Start of Records supplied

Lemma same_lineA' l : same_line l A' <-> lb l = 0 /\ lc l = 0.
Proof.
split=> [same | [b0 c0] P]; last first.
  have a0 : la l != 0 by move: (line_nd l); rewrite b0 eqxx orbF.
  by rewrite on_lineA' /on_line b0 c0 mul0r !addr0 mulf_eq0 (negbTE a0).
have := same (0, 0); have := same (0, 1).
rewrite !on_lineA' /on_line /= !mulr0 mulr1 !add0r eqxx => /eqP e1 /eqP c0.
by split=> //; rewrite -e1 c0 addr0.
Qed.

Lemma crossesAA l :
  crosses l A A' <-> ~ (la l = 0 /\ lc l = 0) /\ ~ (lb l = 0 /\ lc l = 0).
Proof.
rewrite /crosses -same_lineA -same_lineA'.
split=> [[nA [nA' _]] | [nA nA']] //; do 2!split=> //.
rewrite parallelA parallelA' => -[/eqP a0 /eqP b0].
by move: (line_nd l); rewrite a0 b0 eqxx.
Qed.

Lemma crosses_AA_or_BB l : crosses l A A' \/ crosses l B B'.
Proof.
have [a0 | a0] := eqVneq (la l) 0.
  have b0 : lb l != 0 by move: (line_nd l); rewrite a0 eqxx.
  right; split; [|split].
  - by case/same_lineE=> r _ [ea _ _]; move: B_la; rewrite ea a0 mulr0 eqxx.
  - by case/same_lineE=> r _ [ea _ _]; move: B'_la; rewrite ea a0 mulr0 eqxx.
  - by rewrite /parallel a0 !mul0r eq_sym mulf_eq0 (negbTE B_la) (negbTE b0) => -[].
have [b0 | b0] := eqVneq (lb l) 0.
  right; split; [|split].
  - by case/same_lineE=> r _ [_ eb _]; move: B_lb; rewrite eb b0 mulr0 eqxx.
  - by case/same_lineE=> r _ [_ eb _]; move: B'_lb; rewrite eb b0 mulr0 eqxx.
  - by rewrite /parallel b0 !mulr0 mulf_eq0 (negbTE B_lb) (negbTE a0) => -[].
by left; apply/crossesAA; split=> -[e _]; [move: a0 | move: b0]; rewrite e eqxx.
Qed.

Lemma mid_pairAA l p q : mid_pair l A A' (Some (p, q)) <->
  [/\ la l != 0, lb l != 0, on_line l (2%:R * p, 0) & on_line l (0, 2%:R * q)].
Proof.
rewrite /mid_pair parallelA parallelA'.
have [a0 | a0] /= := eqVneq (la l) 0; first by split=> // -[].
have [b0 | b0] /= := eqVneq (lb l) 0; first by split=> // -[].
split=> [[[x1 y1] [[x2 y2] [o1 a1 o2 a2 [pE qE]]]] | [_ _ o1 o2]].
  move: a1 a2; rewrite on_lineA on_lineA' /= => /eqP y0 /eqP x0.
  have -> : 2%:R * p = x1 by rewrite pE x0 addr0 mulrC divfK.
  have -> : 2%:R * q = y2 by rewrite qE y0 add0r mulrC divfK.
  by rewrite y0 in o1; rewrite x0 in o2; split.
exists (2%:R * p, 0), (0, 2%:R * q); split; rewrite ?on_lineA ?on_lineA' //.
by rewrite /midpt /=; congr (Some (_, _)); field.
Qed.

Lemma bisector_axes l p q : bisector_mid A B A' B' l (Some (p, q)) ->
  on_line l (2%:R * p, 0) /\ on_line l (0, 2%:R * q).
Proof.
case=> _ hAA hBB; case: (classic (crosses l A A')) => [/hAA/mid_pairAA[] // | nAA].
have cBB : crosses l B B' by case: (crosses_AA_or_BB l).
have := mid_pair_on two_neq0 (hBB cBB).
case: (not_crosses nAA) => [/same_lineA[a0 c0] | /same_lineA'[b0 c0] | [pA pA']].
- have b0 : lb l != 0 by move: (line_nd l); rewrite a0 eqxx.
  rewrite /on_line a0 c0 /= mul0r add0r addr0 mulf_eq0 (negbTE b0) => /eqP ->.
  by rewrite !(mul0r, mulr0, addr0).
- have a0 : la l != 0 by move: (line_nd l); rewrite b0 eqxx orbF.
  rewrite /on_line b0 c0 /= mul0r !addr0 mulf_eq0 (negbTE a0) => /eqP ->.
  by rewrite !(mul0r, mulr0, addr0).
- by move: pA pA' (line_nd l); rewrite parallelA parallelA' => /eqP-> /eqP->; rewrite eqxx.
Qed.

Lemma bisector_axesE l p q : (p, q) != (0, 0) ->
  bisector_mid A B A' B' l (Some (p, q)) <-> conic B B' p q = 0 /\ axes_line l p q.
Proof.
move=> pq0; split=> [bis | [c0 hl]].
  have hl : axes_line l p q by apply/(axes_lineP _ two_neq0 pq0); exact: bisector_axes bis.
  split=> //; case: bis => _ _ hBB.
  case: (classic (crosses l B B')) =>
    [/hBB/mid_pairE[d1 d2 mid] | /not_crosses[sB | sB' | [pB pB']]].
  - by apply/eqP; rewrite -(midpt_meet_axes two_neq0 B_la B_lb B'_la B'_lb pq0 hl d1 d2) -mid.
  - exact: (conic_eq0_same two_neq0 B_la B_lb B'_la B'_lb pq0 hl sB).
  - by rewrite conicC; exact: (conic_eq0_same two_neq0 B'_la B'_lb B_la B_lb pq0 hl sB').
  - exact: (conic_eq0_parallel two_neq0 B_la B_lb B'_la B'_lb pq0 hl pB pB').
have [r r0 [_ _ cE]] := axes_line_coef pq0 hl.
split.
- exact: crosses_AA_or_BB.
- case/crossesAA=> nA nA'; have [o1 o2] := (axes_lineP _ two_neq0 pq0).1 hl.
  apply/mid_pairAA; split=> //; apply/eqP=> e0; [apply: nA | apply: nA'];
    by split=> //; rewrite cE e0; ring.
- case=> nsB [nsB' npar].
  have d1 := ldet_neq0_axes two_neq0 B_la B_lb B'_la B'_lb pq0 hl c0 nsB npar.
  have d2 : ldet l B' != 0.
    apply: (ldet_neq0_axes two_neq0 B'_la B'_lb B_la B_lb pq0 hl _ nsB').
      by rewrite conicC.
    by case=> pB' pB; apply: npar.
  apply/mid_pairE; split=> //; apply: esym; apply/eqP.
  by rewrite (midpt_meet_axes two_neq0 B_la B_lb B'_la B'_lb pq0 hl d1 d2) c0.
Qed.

End of Records supplied
Start of Records supplied

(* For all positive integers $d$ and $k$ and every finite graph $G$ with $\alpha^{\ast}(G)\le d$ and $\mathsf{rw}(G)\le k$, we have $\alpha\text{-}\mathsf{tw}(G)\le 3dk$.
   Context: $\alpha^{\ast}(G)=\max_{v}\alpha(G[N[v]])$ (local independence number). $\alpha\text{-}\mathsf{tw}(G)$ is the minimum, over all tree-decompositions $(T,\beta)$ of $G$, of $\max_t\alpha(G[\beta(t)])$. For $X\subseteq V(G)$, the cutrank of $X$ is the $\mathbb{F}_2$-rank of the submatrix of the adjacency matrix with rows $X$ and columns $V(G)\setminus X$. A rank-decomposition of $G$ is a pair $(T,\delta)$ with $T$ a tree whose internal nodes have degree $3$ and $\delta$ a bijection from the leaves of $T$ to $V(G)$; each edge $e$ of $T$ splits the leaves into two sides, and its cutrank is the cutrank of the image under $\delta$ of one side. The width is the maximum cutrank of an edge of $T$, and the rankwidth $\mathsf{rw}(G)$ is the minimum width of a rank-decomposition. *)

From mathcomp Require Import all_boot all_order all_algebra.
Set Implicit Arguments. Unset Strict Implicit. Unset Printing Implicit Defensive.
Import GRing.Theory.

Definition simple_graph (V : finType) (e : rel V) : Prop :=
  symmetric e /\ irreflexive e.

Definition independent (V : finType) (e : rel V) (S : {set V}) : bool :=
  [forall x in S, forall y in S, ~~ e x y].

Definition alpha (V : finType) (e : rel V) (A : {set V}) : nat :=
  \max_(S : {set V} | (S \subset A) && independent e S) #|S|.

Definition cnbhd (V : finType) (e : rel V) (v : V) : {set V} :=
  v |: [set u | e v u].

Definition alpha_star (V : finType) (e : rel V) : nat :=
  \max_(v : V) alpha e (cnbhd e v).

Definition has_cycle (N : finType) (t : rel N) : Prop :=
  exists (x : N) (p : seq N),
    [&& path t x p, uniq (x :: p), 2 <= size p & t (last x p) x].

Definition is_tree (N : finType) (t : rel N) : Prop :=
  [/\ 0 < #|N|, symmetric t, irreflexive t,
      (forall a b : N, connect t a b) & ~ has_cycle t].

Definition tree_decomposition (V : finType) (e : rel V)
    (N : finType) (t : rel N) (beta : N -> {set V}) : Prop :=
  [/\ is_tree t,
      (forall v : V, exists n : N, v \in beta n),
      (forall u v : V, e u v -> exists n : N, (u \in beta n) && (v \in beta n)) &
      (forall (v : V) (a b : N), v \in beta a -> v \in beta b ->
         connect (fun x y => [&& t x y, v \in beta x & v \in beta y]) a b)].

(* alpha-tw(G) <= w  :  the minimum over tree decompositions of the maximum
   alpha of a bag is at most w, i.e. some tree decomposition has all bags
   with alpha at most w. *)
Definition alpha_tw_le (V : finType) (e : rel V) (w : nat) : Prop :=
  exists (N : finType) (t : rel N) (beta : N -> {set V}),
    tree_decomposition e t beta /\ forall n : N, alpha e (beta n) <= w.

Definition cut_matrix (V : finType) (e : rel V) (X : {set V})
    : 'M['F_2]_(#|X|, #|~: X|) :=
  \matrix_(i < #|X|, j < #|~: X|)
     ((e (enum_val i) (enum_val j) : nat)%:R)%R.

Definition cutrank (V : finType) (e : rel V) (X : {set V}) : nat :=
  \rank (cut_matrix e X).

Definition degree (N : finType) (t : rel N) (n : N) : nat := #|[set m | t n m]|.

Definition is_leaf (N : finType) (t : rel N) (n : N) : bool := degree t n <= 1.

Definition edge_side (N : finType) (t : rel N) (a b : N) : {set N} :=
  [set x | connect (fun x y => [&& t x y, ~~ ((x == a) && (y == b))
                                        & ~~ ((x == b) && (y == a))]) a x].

End of Records supplied
Start of Records supplied

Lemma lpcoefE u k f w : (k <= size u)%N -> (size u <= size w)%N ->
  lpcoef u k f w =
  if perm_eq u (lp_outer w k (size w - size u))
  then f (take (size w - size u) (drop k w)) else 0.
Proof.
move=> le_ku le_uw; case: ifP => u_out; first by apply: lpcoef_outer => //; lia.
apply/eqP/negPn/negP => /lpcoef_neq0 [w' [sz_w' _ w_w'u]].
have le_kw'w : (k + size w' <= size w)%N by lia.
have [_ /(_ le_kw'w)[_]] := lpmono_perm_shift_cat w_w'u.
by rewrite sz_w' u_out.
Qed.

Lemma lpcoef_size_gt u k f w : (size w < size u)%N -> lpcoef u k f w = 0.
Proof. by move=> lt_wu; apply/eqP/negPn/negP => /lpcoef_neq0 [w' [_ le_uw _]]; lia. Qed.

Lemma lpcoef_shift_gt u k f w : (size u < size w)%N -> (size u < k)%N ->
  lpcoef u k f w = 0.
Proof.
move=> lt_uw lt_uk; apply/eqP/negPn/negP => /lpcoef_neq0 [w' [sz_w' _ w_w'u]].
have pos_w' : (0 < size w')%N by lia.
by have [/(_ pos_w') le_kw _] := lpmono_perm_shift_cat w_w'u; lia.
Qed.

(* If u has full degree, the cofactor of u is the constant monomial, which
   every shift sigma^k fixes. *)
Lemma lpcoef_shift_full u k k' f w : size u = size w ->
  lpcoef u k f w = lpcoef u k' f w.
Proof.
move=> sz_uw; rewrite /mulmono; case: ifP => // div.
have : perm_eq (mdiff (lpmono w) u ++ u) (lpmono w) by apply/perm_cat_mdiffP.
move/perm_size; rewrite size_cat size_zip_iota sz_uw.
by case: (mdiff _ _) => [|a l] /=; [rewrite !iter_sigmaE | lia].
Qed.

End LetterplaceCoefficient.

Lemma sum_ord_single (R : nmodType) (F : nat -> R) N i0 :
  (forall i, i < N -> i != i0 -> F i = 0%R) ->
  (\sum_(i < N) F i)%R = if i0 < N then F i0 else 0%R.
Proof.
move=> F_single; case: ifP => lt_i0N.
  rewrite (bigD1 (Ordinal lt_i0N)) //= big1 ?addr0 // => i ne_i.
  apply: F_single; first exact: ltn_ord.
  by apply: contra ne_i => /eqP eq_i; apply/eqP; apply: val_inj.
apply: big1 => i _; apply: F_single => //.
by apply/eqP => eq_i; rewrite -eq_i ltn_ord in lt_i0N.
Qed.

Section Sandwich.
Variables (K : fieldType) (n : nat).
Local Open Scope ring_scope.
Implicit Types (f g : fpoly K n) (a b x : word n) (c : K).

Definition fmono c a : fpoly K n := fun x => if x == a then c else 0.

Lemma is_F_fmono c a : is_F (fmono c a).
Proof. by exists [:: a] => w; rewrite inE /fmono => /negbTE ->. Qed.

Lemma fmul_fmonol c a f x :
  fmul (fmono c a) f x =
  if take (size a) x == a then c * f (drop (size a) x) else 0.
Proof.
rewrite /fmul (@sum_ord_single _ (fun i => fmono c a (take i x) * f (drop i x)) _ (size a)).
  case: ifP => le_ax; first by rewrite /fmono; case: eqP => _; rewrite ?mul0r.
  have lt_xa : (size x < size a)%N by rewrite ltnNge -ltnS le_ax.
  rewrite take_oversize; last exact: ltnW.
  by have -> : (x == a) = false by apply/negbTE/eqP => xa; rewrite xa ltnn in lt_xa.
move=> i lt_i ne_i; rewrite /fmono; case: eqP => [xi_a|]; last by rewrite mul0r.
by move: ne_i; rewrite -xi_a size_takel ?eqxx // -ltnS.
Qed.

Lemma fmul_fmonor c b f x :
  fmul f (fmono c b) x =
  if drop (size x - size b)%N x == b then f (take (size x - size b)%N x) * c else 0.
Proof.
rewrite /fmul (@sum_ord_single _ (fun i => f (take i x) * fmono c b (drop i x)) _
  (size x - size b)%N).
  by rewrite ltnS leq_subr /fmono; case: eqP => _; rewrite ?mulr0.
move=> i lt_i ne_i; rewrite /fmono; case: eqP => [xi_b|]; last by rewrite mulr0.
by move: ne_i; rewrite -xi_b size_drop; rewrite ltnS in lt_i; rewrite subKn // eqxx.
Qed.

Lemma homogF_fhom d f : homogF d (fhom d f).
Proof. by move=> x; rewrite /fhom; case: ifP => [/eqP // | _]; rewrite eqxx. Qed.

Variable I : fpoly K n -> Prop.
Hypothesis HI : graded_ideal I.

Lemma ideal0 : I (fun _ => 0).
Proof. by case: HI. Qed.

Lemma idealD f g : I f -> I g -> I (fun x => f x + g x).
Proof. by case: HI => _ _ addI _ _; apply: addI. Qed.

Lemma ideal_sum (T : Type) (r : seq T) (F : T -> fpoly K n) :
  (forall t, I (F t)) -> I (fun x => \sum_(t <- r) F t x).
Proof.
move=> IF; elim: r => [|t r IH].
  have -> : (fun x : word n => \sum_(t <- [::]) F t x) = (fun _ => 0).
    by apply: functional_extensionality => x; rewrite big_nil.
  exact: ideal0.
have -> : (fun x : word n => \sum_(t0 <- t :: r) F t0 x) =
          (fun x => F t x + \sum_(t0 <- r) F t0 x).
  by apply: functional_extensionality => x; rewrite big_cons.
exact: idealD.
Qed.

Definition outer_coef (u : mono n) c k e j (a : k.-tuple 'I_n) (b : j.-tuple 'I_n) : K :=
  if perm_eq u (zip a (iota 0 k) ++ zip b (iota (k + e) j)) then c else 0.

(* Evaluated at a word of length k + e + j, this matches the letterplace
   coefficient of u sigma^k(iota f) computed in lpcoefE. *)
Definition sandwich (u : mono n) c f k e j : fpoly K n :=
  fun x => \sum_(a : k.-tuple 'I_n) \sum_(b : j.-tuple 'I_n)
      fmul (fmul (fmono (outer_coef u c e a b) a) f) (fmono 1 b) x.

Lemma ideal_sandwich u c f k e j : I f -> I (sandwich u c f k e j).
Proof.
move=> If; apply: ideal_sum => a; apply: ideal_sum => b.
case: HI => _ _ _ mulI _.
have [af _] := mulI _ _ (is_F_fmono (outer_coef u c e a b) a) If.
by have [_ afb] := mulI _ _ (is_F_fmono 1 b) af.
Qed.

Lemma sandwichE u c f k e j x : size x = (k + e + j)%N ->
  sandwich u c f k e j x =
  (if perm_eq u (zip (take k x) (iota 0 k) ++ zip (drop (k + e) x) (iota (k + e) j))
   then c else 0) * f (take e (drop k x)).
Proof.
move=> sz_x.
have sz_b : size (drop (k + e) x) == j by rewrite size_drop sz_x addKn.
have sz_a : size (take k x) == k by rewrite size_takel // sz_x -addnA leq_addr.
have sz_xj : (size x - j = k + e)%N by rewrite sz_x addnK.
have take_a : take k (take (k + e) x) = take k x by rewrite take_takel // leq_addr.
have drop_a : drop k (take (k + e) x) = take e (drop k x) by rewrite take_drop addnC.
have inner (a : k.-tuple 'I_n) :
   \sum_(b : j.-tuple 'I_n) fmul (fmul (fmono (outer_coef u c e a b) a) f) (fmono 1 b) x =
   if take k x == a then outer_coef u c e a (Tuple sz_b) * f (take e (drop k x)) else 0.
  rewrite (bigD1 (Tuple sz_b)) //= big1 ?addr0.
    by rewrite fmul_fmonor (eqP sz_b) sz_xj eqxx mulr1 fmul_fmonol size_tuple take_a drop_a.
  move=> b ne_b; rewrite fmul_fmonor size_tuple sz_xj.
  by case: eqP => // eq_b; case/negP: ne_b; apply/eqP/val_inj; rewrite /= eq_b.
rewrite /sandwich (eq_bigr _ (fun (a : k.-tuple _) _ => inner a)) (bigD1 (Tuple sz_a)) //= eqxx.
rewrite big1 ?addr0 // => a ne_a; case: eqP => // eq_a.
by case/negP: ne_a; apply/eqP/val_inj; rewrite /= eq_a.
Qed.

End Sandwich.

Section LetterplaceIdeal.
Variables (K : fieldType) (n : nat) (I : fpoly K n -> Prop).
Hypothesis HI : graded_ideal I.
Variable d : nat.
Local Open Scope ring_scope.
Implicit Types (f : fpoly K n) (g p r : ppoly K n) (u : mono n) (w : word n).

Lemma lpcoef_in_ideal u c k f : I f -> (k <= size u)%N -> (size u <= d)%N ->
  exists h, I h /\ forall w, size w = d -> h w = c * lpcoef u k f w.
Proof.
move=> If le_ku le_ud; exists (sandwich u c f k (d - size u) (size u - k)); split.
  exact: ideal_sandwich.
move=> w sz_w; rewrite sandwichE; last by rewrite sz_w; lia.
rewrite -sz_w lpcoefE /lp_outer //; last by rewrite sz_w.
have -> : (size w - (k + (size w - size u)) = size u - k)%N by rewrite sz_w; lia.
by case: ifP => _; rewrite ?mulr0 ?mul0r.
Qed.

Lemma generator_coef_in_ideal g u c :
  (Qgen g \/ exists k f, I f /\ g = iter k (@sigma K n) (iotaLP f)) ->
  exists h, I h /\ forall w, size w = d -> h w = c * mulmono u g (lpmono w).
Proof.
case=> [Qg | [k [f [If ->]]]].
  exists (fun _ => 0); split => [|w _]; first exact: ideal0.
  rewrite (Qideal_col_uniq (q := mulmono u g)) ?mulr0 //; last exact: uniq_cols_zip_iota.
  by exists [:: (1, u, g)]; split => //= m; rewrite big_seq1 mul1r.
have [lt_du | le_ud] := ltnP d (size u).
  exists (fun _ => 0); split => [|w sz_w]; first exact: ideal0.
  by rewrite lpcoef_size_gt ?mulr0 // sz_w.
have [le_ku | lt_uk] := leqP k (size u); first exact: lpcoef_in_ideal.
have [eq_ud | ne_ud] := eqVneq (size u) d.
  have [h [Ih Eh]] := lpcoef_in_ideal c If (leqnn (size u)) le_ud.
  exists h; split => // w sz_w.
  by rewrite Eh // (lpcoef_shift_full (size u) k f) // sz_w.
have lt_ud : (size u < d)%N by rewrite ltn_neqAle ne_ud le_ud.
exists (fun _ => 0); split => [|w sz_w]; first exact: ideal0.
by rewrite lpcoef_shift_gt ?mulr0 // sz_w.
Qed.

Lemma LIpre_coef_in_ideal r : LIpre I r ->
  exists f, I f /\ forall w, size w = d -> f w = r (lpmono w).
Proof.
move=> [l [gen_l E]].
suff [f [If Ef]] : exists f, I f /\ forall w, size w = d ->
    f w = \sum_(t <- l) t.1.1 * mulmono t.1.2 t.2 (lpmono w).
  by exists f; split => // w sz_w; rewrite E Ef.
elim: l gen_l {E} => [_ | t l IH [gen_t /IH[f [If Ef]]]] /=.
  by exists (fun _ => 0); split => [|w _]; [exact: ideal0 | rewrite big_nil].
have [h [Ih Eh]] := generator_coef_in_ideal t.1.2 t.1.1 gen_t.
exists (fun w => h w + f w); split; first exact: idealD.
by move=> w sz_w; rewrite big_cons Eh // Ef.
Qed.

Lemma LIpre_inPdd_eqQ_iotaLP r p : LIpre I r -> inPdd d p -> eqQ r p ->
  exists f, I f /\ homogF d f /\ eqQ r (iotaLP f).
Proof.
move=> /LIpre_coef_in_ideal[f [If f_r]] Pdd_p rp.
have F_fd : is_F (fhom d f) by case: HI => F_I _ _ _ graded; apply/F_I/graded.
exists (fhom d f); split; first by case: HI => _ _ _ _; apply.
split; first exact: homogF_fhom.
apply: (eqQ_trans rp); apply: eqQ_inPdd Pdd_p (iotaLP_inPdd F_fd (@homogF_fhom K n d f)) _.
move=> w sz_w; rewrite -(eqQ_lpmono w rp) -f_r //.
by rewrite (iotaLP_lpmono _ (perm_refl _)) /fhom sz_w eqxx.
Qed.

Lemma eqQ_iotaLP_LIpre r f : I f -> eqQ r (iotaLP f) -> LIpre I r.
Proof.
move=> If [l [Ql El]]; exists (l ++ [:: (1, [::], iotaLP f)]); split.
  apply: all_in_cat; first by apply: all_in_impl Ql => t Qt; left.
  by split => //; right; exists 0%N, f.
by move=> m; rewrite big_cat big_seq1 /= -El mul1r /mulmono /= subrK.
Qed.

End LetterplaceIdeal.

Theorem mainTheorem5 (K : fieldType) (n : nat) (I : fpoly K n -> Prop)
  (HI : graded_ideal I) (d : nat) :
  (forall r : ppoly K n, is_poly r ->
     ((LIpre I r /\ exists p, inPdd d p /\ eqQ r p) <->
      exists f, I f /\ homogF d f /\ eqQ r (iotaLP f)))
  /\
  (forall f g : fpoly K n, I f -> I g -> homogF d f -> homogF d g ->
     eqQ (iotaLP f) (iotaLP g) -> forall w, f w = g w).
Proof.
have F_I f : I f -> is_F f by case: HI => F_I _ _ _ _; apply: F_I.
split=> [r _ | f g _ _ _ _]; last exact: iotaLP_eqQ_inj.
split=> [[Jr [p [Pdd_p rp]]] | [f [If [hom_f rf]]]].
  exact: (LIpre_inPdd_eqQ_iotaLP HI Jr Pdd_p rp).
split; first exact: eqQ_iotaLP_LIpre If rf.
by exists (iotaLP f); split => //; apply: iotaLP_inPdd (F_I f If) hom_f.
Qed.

End of Records supplied

## Exercise brief:
Reproduce every line from the preceding data in which the word "independent" can be found.

## Response area:
Definition independent (V : finType) (e : rel V) (S : {set V}) : bool :=
  \max_(S : {set V} | (S \subset A) && independent e S) #|S|.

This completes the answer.